**Problem details**: Each line below is to be written out in full, exactly as shown.

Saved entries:

=====

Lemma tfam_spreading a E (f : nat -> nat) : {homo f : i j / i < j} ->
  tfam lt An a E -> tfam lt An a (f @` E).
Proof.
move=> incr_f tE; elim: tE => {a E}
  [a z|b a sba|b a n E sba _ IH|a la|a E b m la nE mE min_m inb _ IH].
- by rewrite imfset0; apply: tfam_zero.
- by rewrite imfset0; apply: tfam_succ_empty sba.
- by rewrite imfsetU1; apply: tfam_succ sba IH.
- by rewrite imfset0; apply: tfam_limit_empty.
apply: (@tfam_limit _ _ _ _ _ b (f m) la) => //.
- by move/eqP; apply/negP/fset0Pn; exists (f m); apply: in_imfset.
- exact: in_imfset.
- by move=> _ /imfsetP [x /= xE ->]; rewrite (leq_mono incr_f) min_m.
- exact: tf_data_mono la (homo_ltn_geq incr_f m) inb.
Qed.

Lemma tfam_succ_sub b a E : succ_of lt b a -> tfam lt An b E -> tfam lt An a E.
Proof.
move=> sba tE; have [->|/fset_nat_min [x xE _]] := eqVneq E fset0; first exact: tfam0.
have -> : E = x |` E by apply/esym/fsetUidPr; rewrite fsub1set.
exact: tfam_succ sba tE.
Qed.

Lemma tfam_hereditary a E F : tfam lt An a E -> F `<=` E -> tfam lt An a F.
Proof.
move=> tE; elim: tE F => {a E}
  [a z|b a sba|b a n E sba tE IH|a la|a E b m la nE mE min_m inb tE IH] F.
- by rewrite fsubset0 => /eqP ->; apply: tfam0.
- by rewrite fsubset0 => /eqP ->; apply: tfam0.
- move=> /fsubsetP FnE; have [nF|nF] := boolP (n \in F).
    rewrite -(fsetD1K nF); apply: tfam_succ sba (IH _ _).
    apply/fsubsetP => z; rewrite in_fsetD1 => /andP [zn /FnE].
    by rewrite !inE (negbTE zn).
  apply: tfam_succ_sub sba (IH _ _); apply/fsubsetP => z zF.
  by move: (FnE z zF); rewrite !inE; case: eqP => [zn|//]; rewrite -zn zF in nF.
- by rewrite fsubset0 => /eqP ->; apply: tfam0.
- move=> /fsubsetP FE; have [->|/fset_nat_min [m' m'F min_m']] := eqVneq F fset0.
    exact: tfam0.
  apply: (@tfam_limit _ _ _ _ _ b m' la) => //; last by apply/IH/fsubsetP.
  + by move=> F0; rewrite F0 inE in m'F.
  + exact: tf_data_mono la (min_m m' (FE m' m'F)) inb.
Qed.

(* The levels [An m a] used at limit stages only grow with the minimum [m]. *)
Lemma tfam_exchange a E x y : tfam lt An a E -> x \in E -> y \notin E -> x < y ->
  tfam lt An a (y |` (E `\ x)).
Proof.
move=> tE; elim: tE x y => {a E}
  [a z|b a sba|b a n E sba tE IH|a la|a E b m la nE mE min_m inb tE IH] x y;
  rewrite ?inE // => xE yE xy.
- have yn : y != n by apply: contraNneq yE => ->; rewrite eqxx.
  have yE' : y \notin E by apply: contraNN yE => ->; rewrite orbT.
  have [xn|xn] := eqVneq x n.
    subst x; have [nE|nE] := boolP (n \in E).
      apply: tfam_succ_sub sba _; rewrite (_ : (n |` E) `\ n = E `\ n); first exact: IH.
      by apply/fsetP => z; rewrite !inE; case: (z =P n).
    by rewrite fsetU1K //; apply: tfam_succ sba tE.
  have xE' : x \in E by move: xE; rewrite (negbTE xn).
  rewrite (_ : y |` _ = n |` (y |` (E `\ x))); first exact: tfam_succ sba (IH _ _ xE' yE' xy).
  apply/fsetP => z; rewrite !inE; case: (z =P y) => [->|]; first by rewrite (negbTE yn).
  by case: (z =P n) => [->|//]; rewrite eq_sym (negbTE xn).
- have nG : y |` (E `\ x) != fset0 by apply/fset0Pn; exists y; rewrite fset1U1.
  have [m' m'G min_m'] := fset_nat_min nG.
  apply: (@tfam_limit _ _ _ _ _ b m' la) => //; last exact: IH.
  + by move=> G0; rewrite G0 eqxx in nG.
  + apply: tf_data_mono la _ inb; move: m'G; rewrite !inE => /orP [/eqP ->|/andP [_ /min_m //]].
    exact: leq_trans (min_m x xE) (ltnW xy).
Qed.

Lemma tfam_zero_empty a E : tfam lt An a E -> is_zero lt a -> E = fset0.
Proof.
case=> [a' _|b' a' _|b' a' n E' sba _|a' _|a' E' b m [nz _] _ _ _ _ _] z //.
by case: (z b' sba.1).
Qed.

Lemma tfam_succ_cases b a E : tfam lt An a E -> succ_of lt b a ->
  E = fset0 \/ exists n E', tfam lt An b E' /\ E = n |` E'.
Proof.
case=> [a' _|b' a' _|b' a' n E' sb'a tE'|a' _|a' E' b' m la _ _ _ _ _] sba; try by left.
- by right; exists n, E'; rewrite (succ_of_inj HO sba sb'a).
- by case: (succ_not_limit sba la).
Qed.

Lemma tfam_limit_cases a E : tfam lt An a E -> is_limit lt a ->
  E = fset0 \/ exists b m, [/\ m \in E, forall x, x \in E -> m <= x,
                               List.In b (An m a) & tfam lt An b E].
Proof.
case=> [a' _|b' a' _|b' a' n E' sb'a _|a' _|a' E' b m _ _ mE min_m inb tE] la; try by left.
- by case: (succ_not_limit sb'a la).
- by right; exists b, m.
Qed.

=====

**Written solution**:
Lemma tfam_spreading a E (f : nat -> nat) : {homo f : i j / i < j} ->
  tfam lt An a E -> tfam lt An a (f @` E).
Proof.
move=> incr_f tE; elim: tE => {a E}
  [a z|b a sba|b a n E sba _ IH|a la|a E b m la nE mE min_m inb _ IH].
- by rewrite imfset0; apply: tfam_zero.
- by rewrite imfset0; apply: tfam_succ_empty sba.
- by rewrite imfsetU1; apply: tfam_succ sba IH.
- by rewrite imfset0; apply: tfam_limit_empty.
apply: (@tfam_limit _ _ _ _ _ b (f m) la) => //.
- by move/eqP; apply/negP/fset0Pn; exists (f m); apply: in_imfset.
- exact: in_imfset.
- by move=> _ /imfsetP [x /= xE ->]; rewrite (leq_mono incr_f) min_m.
- exact: tf_data_mono la (homo_ltn_geq incr_f m) inb.
Qed.

Lemma tfam_succ_sub b a E : succ_of lt b a -> tfam lt An b E -> tfam lt An a E.
Proof.
move=> sba tE; have [->|/fset_nat_min [x xE _]] := eqVneq E fset0; first exact: tfam0.
have -> : E = x |` E by apply/esym/fsetUidPr; rewrite fsub1set.
exact: tfam_succ sba tE.
Qed.

Lemma tfam_hereditary a E F : tfam lt An a E -> F `<=` E -> tfam lt An a F.
Proof.
move=> tE; elim: tE F => {a E}
  [a z|b a sba|b a n E sba tE IH|a la|a E b m la nE mE min_m inb tE IH] F.
- by rewrite fsubset0 => /eqP ->; apply: tfam0.
- by rewrite fsubset0 => /eqP ->; apply: tfam0.
- move=> /fsubsetP FnE; have [nF|nF] := boolP (n \in F).
    rewrite -(fsetD1K nF); apply: tfam_succ sba (IH _ _).
    apply/fsubsetP => z; rewrite in_fsetD1 => /andP [zn /FnE].
    by rewrite !inE (negbTE zn).
  apply: tfam_succ_sub sba (IH _ _); apply/fsubsetP => z zF.
  by move: (FnE z zF); rewrite !inE; case: eqP => [zn|//]; rewrite -zn zF in nF.
- by rewrite fsubset0 => /eqP ->; apply: tfam0.
- move=> /fsubsetP FE; have [->|/fset_nat_min [m' m'F min_m']] := eqVneq F fset0.
    exact: tfam0.
  apply: (@tfam_limit _ _ _ _ _ b m' la) => //; last by apply/IH/fsubsetP.
  + by move=> F0; rewrite F0 inE in m'F.
  + exact: tf_data_mono la (min_m m' (FE m' m'F)) inb.
Qed.

(* The levels [An m a] used at limit stages only grow with the minimum [m]. *)
Lemma tfam_exchange a E x y : tfam lt An a E -> x \in E -> y \notin E -> x < y ->
  tfam lt An a (y |` (E `\ x)).
Proof.
move=> tE; elim: tE x y => {a E}
  [a z|b a sba|b a n E sba tE IH|a la|a E b m la nE mE min_m inb tE IH] x y;
  rewrite ?inE // => xE yE xy.
- have yn : y != n by apply: contraNneq yE => ->; rewrite eqxx.
  have yE' : y \notin E by apply: contraNN yE => ->; rewrite orbT.
  have [xn|xn] := eqVneq x n.
    subst x; have [nE|nE] := boolP (n \in E).
      apply: tfam_succ_sub sba _; rewrite (_ : (n |` E) `\ n = E `\ n); first exact: IH.
      by apply/fsetP => z; rewrite !inE; case: (z =P n).
    by rewrite fsetU1K //; apply: tfam_succ sba tE.
  have xE' : x \in E by move: xE; rewrite (negbTE xn).
  rewrite (_ : y |` _ = n |` (y |` (E `\ x))); first exact: tfam_succ sba (IH _ _ xE' yE' xy).
  apply/fsetP => z; rewrite !inE; case: (z =P y) => [->|]; first by rewrite (negbTE yn).
  by case: (z =P n) => [->|//]; rewrite eq_sym (negbTE xn).
- have nG : y |` (E `\ x) != fset0 by apply/fset0Pn; exists y; rewrite fset1U1.
  have [m' m'G min_m'] := fset_nat_min nG.
  apply: (@tfam_limit _ _ _ _ _ b m' la) => //; last exact: IH.
  + by move=> G0; rewrite G0 eqxx in nG.
  + apply: tf_data_mono la _ inb; move: m'G; rewrite !inE => /orP [/eqP ->|/andP [_ /min_m //]].
    exact: leq_trans (min_m x xE) (ltnW xy).
Qed.

Lemma tfam_zero_empty a E : tfam lt An a E -> is_zero lt a -> E = fset0.
Proof.
case=> [a' _|b' a' _|b' a' n E' sba _|a' _|a' E' b m [nz _] _ _ _ _ _] z //.
by case: (z b' sba.1).
Qed.

Lemma tfam_succ_cases b a E : tfam lt An a E -> succ_of lt b a ->
  E = fset0 \/ exists n E', tfam lt An b E' /\ E = n |` E'.
Proof.
case=> [a' _|b' a' _|b' a' n E' sb'a tE'|a' _|a' E' b' m la _ _ _ _ _] sba; try by left.
- by right; exists n, E'; rewrite (succ_of_inj HO sba sb'a).
- by case: (succ_not_limit sba la).
Qed.

Lemma tfam_limit_cases a E : tfam lt An a E -> is_limit lt a ->
  E = fset0 \/ exists b m, [/\ m \in E, forall x, x \in E -> m <= x,
                               List.In b (An m a) & tfam lt An b E].
Proof.
case=> [a' _|b' a' _|b' a' n E' sb'a _|a' _|a' E' b m _ _ mE min_m inb tE] la; try by left.
- by case: (succ_not_limit sb'a la).
- by right; exists b, m.
Qed.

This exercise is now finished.